**EXERCISE DIRECTIONS**. Go to the line holding "sums to 0 over" in the entries below and write out exactly every line down to and including the line holding "under eq_bigr do rewrite !mxE addrC.".

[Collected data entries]
(* Let $M$ be an $n\times n$ complex matrix, $k\in\{3,\dots,n-1\}$ and $p$ a positive integer with $p\leq k$. If $M$ is $k$-spectrally monomorphic, then for every subset $\beta\subseteq[n]$ with $|\beta|\leq n-k$, the number \[ \sum_{\alpha\supseteq\beta,\ |\alpha|=p}\det(M[\alpha]) \] (sum over subsets $\alpha\subseteq[n]$ of size $p$ containing $\beta$) depends only on the cardinality of $\beta$.
   Context: $[n]=\{1,\dots,n\}$. For $\alpha\subseteq[n]$, $M[\alpha]$ is the principal submatrix of $M$ with rows and columns indexed by $\alpha$. A square matrix is $k$-spectrally monomorphic if all its $k\times k$ principal submatrices have the same characteristic polynomial $\det(zI-M[\alpha])$. *)

From HB Require Import structures.
From mathcomp Require Import all_boot all_order all_algebra.
From mathcomp Require Import reals.
From mathcomp Require Export complex.
Set Implicit Arguments. Unset Strict Implicit. Unset Printing Implicit Defensive.
Import Order.TTheory GRing.Theory Num.Theory.
Local Open Scope ring_scope.

(* Principal submatrix M[alpha]: rows and columns indexed by alpha, listed in
   increasing order (enum of 'I_n is increasing). *)
Definition psubmx (F : Type) (n : nat) (M : 'M[F]_n) (A : {set 'I_n}) : 'M[F]_#|A| :=
  \matrix_(i < #|A|, j < #|A|) M (enum_val i) (enum_val j).

Definition spec_mono (F : comNzRingType) (n k : nat) (M : 'M[F]_n) : Prop :=
  forall A B : {set 'I_n}, #|A| = k -> #|B| = k ->
    char_poly (psubmx M A) = char_poly (psubmx M B).

From HB Require Import structures.
From mathcomp Require Import all_boot all_order all_algebra.
From mathcomp Require Import reals complex.
From mathcomp Require Import perm zify.
Set Implicit Arguments. Unset Strict Implicit. Unset Printing Implicit Defensive.
Import Order.TTheory GRing.Theory Num.Theory.
Local Open Scope ring_scope.

(* The coefficient of z^(|G|-p) in det(zI - M[G]) is (-1)^p times the sum E(G)
   of the p x p principal minors of M inside G, so k-spectral monomorphy makes
   E(G) the same number c * C(k,p) for every k-set G. Then g(A) = det M[A] - c
   sums to 0 over the p-subsets of any k-set; double counting (a p-subset of U
   misses exactly |U| - p points of U) spreads this to every U with |U| >= k,
   and removing the points of B one at a time to the p-sets A with B <= A <= U
   whenever |B| + k <= |U|. Hence the sum over the p-supersets of beta is c
   times their number, which depends only on |beta|. *)

(* Principal minors are realised as determinants of n x n matrices, which
   avoids casts between the sizes of different principal submatrices. *)
Definition maskmx (R : nzSemiRingType) n (A : 'M[R]_n) (S : {set 'I_n}) : 'M[R]_n :=
  \matrix_(i, j) if (i \in S) && (j \in S) then A i j else (i == j)%:R.

Section MaskedDeterminants.

Variables (R : comNzRingType) (n : nat).

Lemma prod_diag_add_perm (d : 'I_n -> R) (B : 'M[R]_n) (s : 'S_n) (J : {set 'I_n}) :
  \prod_i (if i \in J then B i (s i) else (i == s i)%:R * d i)
  = (\prod_(i in ~: J) d i) * \prod_i maskmx B J i (s i).
Proof.
have [s_fix | /forallPn[i0]] := boolP [forall i, (i \notin J) ==> (s i == i)];
    last first.
  rewrite negb_imply => /andP[i0J si0].
  rewrite [LHS](bigD1 i0) // [X in _ = _ * X](bigD1 i0) //= mxE (negPf i0J) /=.
  by rewrite eq_sym (negPf si0) !mul0r mulr0.
have s_fixE i : i \notin J -> s i = i by move=> iJ; exact/eqP/(implyP (forallP s_fix i)).
have sJ i : i \in J -> s i \in J.
  move=> iJ; apply: contraT => siJ; have /perm_inj si := s_fixE _ siJ.
  by rewrite si iJ in siJ.
rewrite (bigID [in J]) [X in _ * X](bigID [in J]) /=.
rewrite [X in _ * (_ * X)]big1 => [|i iJ]; last by rewrite mxE (negPf iJ) s_fixE ?eqxx.
rewrite mulr1 [RHS]mulrC; congr (_ * _).
  by apply: eq_bigr => i iJ; rewrite iJ mxE iJ sJ.
rewrite [RHS](eq_bigl (fun i => i \notin J)) => [|i]; last by rewrite inE.
by apply: eq_bigr => i iJ; rewrite (negPf iJ) s_fixE // eqxx mul1r.
Qed.

Lemma det_diag_add (d : 'I_n -> R) (B : 'M[R]_n) :
  \det (diag_mx (\row_i d i) + B)
  = \sum_(J : {set 'I_n}) (\prod_(i in ~: J) d i) * \det (maskmx B J).
Proof.
under [RHS]eq_bigr do rewrite mulr_sumr.
rewrite exchange_big /=; apply: eq_bigr => s _.
under [RHS]eq_bigr do rewrite mulrCA.
rewrite -mulr_sumr; congr (_ * _).
under eq_bigr do rewrite !mxE addrC.
rewrite bigA_distr; apply: eq_bigr => J _.
by rewrite -prod_diag_add_perm; apply: eq_bigr => i _; rewrite mulr_natl.
Qed.

Lemma det_maskmx_restrict (A : 'M[R]_n) (G J : {set 'I_n}) :
  \det (maskmx (\matrix_(i, j) if (i \in G) && (j \in G) then A i j else 0) J)
  = if J \subset G then \det (maskmx A J) else 0.
Proof.
have [JG | /subsetPn[i iJ iG]] := boolP (J \subset G).
  congr (\det _); apply/matrixP => i j; rewrite !mxE.
  by case: (boolP (i \in J)) => iJ; case: (boolP (j \in J)) => jJ;
    rewrite ?(subsetP JG i iJ) ?(subsetP JG j jJ).
rewrite (expand_det_row _ i) big1 // => j _.
rewrite !mxE iJ (negPf iG) /=; case: ifP => jJ; first by rewrite mul0r.
by case: eqP jJ => [<-|_]; rewrite ?iJ ?mul0r.
Qed.

Lemma det_maskmx_scalar_add (a : R) (A : 'M[R]_n) (G : {set 'I_n}) :
  \det (maskmx (a%:M + A) G)
  = \sum_(J : {set 'I_n} | J \subset G) a ^+ (#|G| - #|J|) * \det (maskmx A J).
Proof.
have -> : maskmx (a%:M + A) G = diag_mx (\row_i if i \in G then a else 1)
    + \matrix_(i, j) if (i \in G) && (j \in G) then A i j else 0.
  apply/matrixP => i j; rewrite !mxE; case: (i =P j) => [<- | /eqP ne].
    by rewrite andbb; case: (i \in G); rewrite ?addr0.
  by case: ifP; rewrite ?add0r ?addr0 // mulr0n add0r.
rewrite det_diag_add [LHS](bigID (fun J : {set _} => J \subset G)) /=.
rewrite [X in _ + X]big1 ?addr0 => [|J /negPf nJG]; last first.
  by rewrite det_maskmx_restrict nJG mulr0.
apply: eq_bigr => J JG; rewrite det_maskmx_restrict JG; congr (_ * _).
have -> : (#|G| - #|J| = #|G :\: J|)%N by rewrite cardsD (setIidPr JG).
rewrite -prodr_const big_mkcond [RHS]big_mkcond; apply: eq_bigr => i _.
by rewrite !inE; case: (i \in J); case: (i \in G).
Qed.

Lemma det_mxsub_inj m (h : 'I_m -> 'I_n) (X : 'M[R]_n) : m = n -> injective h ->
  \det (mxsub h h X) = \det X.
Proof.
move=> e_mn; case: n / e_mn h X => h X h_inj; set s := perm h_inj.
have -> : mxsub h h X = row_perm s (col_perm s X).
  by apply/matrixP => i j; rewrite !mxE !permE.
rewrite row_permE col_permE !det_mulmx !det_perm odd_permV.
by rewrite mulrC -mulrA -signr_addb addbb mulr1.
Qed.

Lemma det_psubmx (A : 'M[R]_n) (S : {set 'I_n}) :
  \det (psubmx A S) = \det (maskmx A S).
Proof.
pose h (i : 'I_(#|S| + #|~: S|)) : 'I_n :=
  match split i with inl a => enum_val a | inr b => enum_val b end.
have h_inj : injective h.
  move=> i j; rewrite /h -{2}(splitK i) -{2}(splitK j).
  case: (split i) => a; case: (split j) => b; try by move/enum_val_inj => ->.
    by move=> E; have := enum_valP b; rewrite -E inE enum_valP.
  by move=> E; have := enum_valP a; rewrite E inE enum_valP.
rewrite -(det_mxsub_inj _ _ h_inj); last by rewrite cardsC card_ord.
have -> : mxsub h h (maskmx A S) = block_mx (psubmx A S) 0 0 1%:M.
  have hl a : h (lshift #|~: S| a) = enum_val a by rewrite /h (unsplitK (inl _ a)).
  have hr b : h (rshift #|S| b) = enum_val b by rewrite /h (unsplitK (inr _ b)).
  have notS (b : 'I_#|~: S|) : (enum_val b \in S) = false.
    by have := enum_valP b; rewrite inE => /negPf.
  apply/matrixP => i j; rewrite -(splitK i) -(splitK j).
  case: (split i) => i'; case: (split j) => j'; rewrite mxE /= ?hl ?hr
    ?block_mxEul ?block_mxEur ?block_mxEdl ?block_mxEdr !mxE ?enum_valP ?notS //=.
  - by case: eqP => // E; have := notS j'; rewrite -E enum_valP.
  - by case: eqP => // E; have := notS i'; rewrite E enum_valP.
  - by rewrite (inj_eq enum_val_inj).
by rewrite det_ublock det1 mulr1.
Qed.

End MaskedDeterminants.

Lemma map_maskmx (R S : nzRingType) (f : {rmorphism R -> S}) n (A : 'M[R]_n) J :
  map_mx f (maskmx A J) = maskmx (map_mx f A) J.
Proof. by apply/matrixP => i j; rewrite !mxE; case: ifP; rewrite ?rmorph_nat. Qed.

Lemma char_poly_psubmx (R : comNzRingType) n (M : 'M[R]_n) (G : {set 'I_n}) :
  char_poly (psubmx M G)
  = \sum_(J : {set 'I_n} | J \subset G) 'X^(#|G| - #|J|) * (\det (maskmx (- M) J))%:P.
Proof.
have -> : char_poly (psubmx M G) = \det (psubmx (char_poly_mx M) G).
  by congr (\det _); apply/matrixP => i j; rewrite !mxE (inj_eq enum_val_inj).
rewrite det_psubmx /char_poly_mx -map_mxN det_maskmx_scalar_add.
by apply: eq_bigr => J _; rewrite -map_maskmx det_map_mx.
Qed.

Lemma coef_char_poly_psubmx (R : comNzRingType) n (M : 'M[R]_n) (G : {set 'I_n}) p :
  (p <= #|G|)%N ->
  (char_poly (psubmx M G))`_(#|G| - p)
  = (-1) ^+ p * \sum_(J : {set 'I_n} | (J \subset G) && (#|J| == p)) \det (psubmx M J).
Proof.
move=> le_pG; rewrite char_poly_psubmx coef_sum mulr_sumr big_mkcondr /=.
apply: eq_bigr => J JG; rewrite coefXnM coefC -det_psubmx.
have le_JG := subset_leq_card JG.
have [<- | ne_Jp] := eqVneq #|J| p.
  rewrite ltnn subnn eqxx -detZ; congr (\det _).
  by apply/matrixP => i j; rewrite !mxE mulN1r.
case: ltnP => // le_JGp; rewrite subn_eq0 ifN // -ltnNge ltn_neqAle le_JGp andbT.
by rewrite eqn_sub2lE.
Qed.

Section SubsetSums.

Variable T : finType.

Lemma card_supsets (B : {set T}) p : (p <= #|T|)%N ->
  #|[set A : {set T} | (B \subset A) && (#|A| == p)]| = 'C(#|T| - #|B|, #|T| - p).
Proof.
move=> pT; have <- : #|~: B| = (#|T| - #|B|)%N by rewrite -(cardsC B) addKn.
rewrite -(card_imset _ (@setC_inj T)) -cards_draws.
congr #|pred_of_set _|; apply/setP => C; rewrite inE.
apply/imsetP/andP => [[A] | [CB /eqP C_card]].
  rewrite inE => /andP[BA /eqP A_card] ->; rewrite setCS; split=> //.
  by apply/eqP; have := cardsC A; lia.
exists (~: C); last by rewrite setCK.
rewrite inE -setCS setCK CB /=; apply/eqP; have := cardsC C; lia.
Qed.

Lemma sum_subsets_setD1 (V : nmodType) (g : {set T} -> V) p (U : {set T}) :
  \sum_(x in U) \sum_(A : {set T} | (A \subset U :\ x) && (#|A| == p)) g A
  = (\sum_(A : {set T} | (A \subset U) && (#|A| == p)) g A) *+ (#|U| - p).
Proof.
transitivity (\sum_(x in U) \sum_(A : {set T} | (A \subset U) && (#|A| == p))
                 (if x \notin A then g A else 0)).
  apply: eq_bigr => x _; rewrite big_mkcond [RHS]big_mkcond /=.
  apply: eq_bigr => A _; rewrite subsetD1 -andbA andbCA.
  by case: (x \notin A); rewrite ?if_same.
rewrite exchange_big -sumrMnl; apply: eq_bigr => A /andP[AU /eqP A_card].
rewrite -big_mkcondr sumr_const.
have -> : (#|U| - p = #|U :\: A|)%N by rewrite cardsD (setIidPr AU) A_card.
by congr (_ *+ _); apply: eq_card => x; rewrite !inE andbC.
Qed.

Lemma sum_between_setD1 (V : nmodType) (g : {set T} -> V) p (B U : {set T}) x :
  x \in B ->
  \sum_(A : {set T} | [&& B :\ x \subset A, A \subset U & #|A| == p]) g A =
  \sum_(A : {set T} | [&& B \subset A, A \subset U & #|A| == p]) g A
  + \sum_(A : {set T} | [&& B :\ x \subset A, A \subset U :\ x & #|A| == p]) g A.
Proof.
move=> xB; rewrite [LHS](bigID (fun A : {set T} => x \in A)) /=.
congr (_ + _); apply: eq_bigl => A.
  rewrite -{2}(setD1K xB) subUset sub1set.
  by case: (x \in A); rewrite ?andbF ?andbT.
by rewrite subsetD1; case: (x \in A); rewrite ?andbF ?andbT.
Qed.

Section NullOnKSets.

Variables (F : numDomainType) (g : {set T} -> F) (k p : nat).
Hypothesis le_pk : (p <= k)%N.
Hypothesis sum_ksubsets_eq0 : forall G : {set T}, #|G| = k ->
  \sum_(A : {set T} | (A \subset G) && (#|A| == p)) g A = 0.

Lemma sum_subsets_eq0 (U : {set T}) : (k <= #|U|)%N ->
  \sum_(A : {set T} | (A \subset U) && (#|A| == p)) g A = 0.
Proof.
have [m] := ubnP #|U|; elim: m U => // m IH U lt_Um le_kU.
have [lt_kU | le_Uk] := ltnP k #|U|; last first.
  by apply: sum_ksubsets_eq0; apply/eqP; rewrite eqn_leq le_kU le_Uk.
have card_UD1 x : x \in U -> #|U :\ x| = #|U|.-1.
  by move=> xU; rewrite (cardsD1 x U) xU.
have /eqP := sum_subsets_setD1 g p U.
rewrite big1 => [|x xU]; last by apply: IH; rewrite card_UD1 //; lia.
by rewrite eq_sym mulrn_eq0 subn_eq0 leqNgt (leq_ltn_trans le_pk lt_kU) => /eqP.
Qed.

Lemma sum_between_eq0 (B U : {set T}) : B \subset U -> (#|B| + k <= #|U|)%N ->
  \sum_(A : {set T} | [&& B \subset A, A \subset U & #|A| == p]) g A = 0.
Proof.
have [b] := ubnP #|B|; elim: b B U => // b IH B U lt_Bb BU le_BkU.
have [->|[x xB]] := set_0Vmem B.
  by under eq_bigl do rewrite sub0set; apply: sum_subsets_eq0; lia.
have xU : x \in U := subsetP BU x xB.
have card_BD1 : #|B :\ x| = #|B|.-1 by rewrite (cardsD1 x B) xB.
have card_UD1 : #|U :\ x| = #|U|.-1 by rewrite (cardsD1 x U) xU.
have B_gt0 : (0 < #|B|)%N by apply/card_gt0P; exists x.
have := sum_between_setD1 g p U xB.
rewrite (IH (B :\ x) U) ?(IH (B :\ x) (U :\ x)) ?card_BD1 ?card_UD1 ?setSD;
  try lia; last exact: subset_trans (subD1set B x) BU.
by rewrite addr0 => <-.
Qed.

Lemma sum_supsets_eq0 (B : {set T}) : (#|B| + k <= #|T|)%N ->
  \sum_(A : {set T} | (B \subset A) && (#|A| == p)) g A = 0.
Proof.
rewrite -cardsT => le_BkT; rewrite -[RHS](sum_between_eq0 (subsetT B) le_BkT).
by apply: eq_bigl => A; rewrite subsetT.
Qed.

End NullOnKSets.

Lemma sum_supsets_uniform (F : numDomainType) (f : {set T} -> F) k p c :
  (p <= k)%N ->
  (forall G : {set T}, #|G| = k ->
     \sum_(A : {set T} | (A \subset G) && (#|A| == p)) f A = c *+ 'C(k, p)) ->
  forall B : {set T}, (#|B| + k <= #|T|)%N ->
  \sum_(A : {set T} | (B \subset A) && (#|A| == p)) f A = c *+ 'C(#|T| - #|B|, #|T| - p).
Proof.
move=> le_pk sum_f B le_BkT.
have sum_c (P : pred {set T}) : \sum_(A | P A) c = c *+ #|[set A | P A]|.
  by rewrite sumr_const cardsE.
have sum_ksubsets_eq0 (G : {set T}) : #|G| = k ->
    \sum_(A : {set T} | (A \subset G) && (#|A| == p)) (f A - c) = 0.
  by move=> G_card; rewrite sumrB sum_f // sum_c cards_draws G_card subrr.
have /eqP := sum_supsets_eq0 le_pk sum_ksubsets_eq0 le_BkT.
by rewrite sumrB sum_c card_supsets ?subr_eq0 => [/eqP|]; last lia.
Qed.

End SubsetSums.

Lemma sum_minors_spec_mono (R : comNzRingType) n k p (M : 'M[R]_n) :
  spec_mono k M -> (p <= k)%N -> forall G G' : {set 'I_n}, #|G| = k -> #|G'| = k ->
  \sum_(A : {set 'I_n} | (A \subset G) && (#|A| == p)) \det (psubmx M A)
  = \sum_(A : {set 'I_n} | (A \subset G') && (#|A| == p)) \det (psubmx M A).
Proof.
move=> spec_k le_pk G G' G_card G'_card; apply: (can_inj (signrMK p)).
rewrite /= -!coef_char_poly_psubmx ?G_card ?G'_card // (spec_k G G') //.
by rewrite G_card -G'_card.
Qed.

Theorem proposition2p3 (R : realType) (n k p : nat) (M : 'M[complex R]_n) :
  (3 <= k)%N -> (k <= n - 1)%N -> (0 < p)%N -> (p <= k)%N ->
  spec_mono k M ->
  forall beta1 beta2 : {set 'I_n},
    (#|beta1| <= n - k)%N -> #|beta1| = #|beta2| ->
    \sum_(alpha : {set 'I_n} | (beta1 \subset alpha) && (#|alpha| == p))
        \det (psubmx M alpha)
    = \sum_(alpha : {set 'I_n} | (beta2 \subset alpha) && (#|alpha| == p))
        \det (psubmx M alpha).
Proof.
move=> _ le_kn _ le_pk spec_k beta1 beta2 le_beta1 card_beta12.
have [G0 G0_card] : exists G0 : {set 'I_n}, #|G0| = k.
  have /card_gt0P[G0] : (0 < #|[set G : {set 'I_n} | #|G| == k]|)%N.
    by rewrite card_draws card_ord bin_gt0; lia.
  by rewrite inE => /eqP; exists G0.
pose c := (\sum_(A : {set 'I_n} | (A \subset G0) && (#|A| == p)) \det (psubmx M A))
  / 'C(k, p)%:R.
have sum_ksubsets (G : {set 'I_n}) : #|G| = k ->
    \sum_(A : {set 'I_n} | (A \subset G) && (#|A| == p)) \det (psubmx M A) = c *+ 'C(k, p).
  move=> G_card; rewrite -mulr_natr divfK ?pnatr_eq0 -?lt0n ?bin_gt0 //.
  exact: sum_minors_spec_mono spec_k le_pk _ _ G_card G0_card.
rewrite !(sum_supsets_uniform le_pk sum_ksubsets) ?card_beta12 // card_ord -?card_beta12.
all: move: le_beta1 le_kn; clear; lia.
Qed.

**PROBLEM SOLUTION**.
   sums to 0 over the p-subsets of any k-set; double counting (a p-subset of U
   misses exactly |U| - p points of U) spreads this to every U with |U| >= k,
   and removing the points of B one at a time to the p-sets A with B <= A <= U
   whenever |B| + k <= |U|. Hence the sum over the p-supersets of beta is c
   times their number, which depends only on |beta|. *)

(* Principal minors are realised as determinants of n x n matrices, which
   avoids casts between the sizes of different principal submatrices. *)
Definition maskmx (R : nzSemiRingType) n (A : 'M[R]_n) (S : {set 'I_n}) : 'M[R]_n :=
  \matrix_(i, j) if (i \in S) && (j \in S) then A i j else (i == j)%:R.

Section MaskedDeterminants.

Variables (R : comNzRingType) (n : nat).

Lemma prod_diag_add_perm (d : 'I_n -> R) (B : 'M[R]_n) (s : 'S_n) (J : {set 'I_n}) :
  \prod_i (if i \in J then B i (s i) else (i == s i)%:R * d i)
  = (\prod_(i in ~: J) d i) * \prod_i maskmx B J i (s i).
Proof.
have [s_fix | /forallPn[i0]] := boolP [forall i, (i \notin J) ==> (s i == i)];
    last first.
  rewrite negb_imply => /andP[i0J si0].
  rewrite [LHS](bigD1 i0) // [X in _ = _ * X](bigD1 i0) //= mxE (negPf i0J) /=.
  by rewrite eq_sym (negPf si0) !mul0r mulr0.
have s_fixE i : i \notin J -> s i = i by move=> iJ; exact/eqP/(implyP (forallP s_fix i)).
have sJ i : i \in J -> s i \in J.
  move=> iJ; apply: contraT => siJ; have /perm_inj si := s_fixE _ siJ.
  by rewrite si iJ in siJ.
rewrite (bigID [in J]) [X in _ * X](bigID [in J]) /=.
rewrite [X in _ * (_ * X)]big1 => [|i iJ]; last by rewrite mxE (negPf iJ) s_fixE ?eqxx.
rewrite mulr1 [RHS]mulrC; congr (_ * _).
  by apply: eq_bigr => i iJ; rewrite iJ mxE iJ sJ.
rewrite [RHS](eq_bigl (fun i => i \notin J)) => [|i]; last by rewrite inE.
by apply: eq_bigr => i iJ; rewrite (negPf iJ) s_fixE // eqxx mul1r.
Qed.

Lemma det_diag_add (d : 'I_n -> R) (B : 'M[R]_n) :
  \det (diag_mx (\row_i d i) + B)
  = \sum_(J : {set 'I_n}) (\prod_(i in ~: J) d i) * \det (maskmx B J).
Proof.
under [RHS]eq_bigr do rewrite mulr_sumr.
rewrite exchange_big /=; apply: eq_bigr => s _.
under [RHS]eq_bigr do rewrite mulrCA.
rewrite -mulr_sumr; congr (_ * _).
under eq_bigr do rewrite !mxE addrC.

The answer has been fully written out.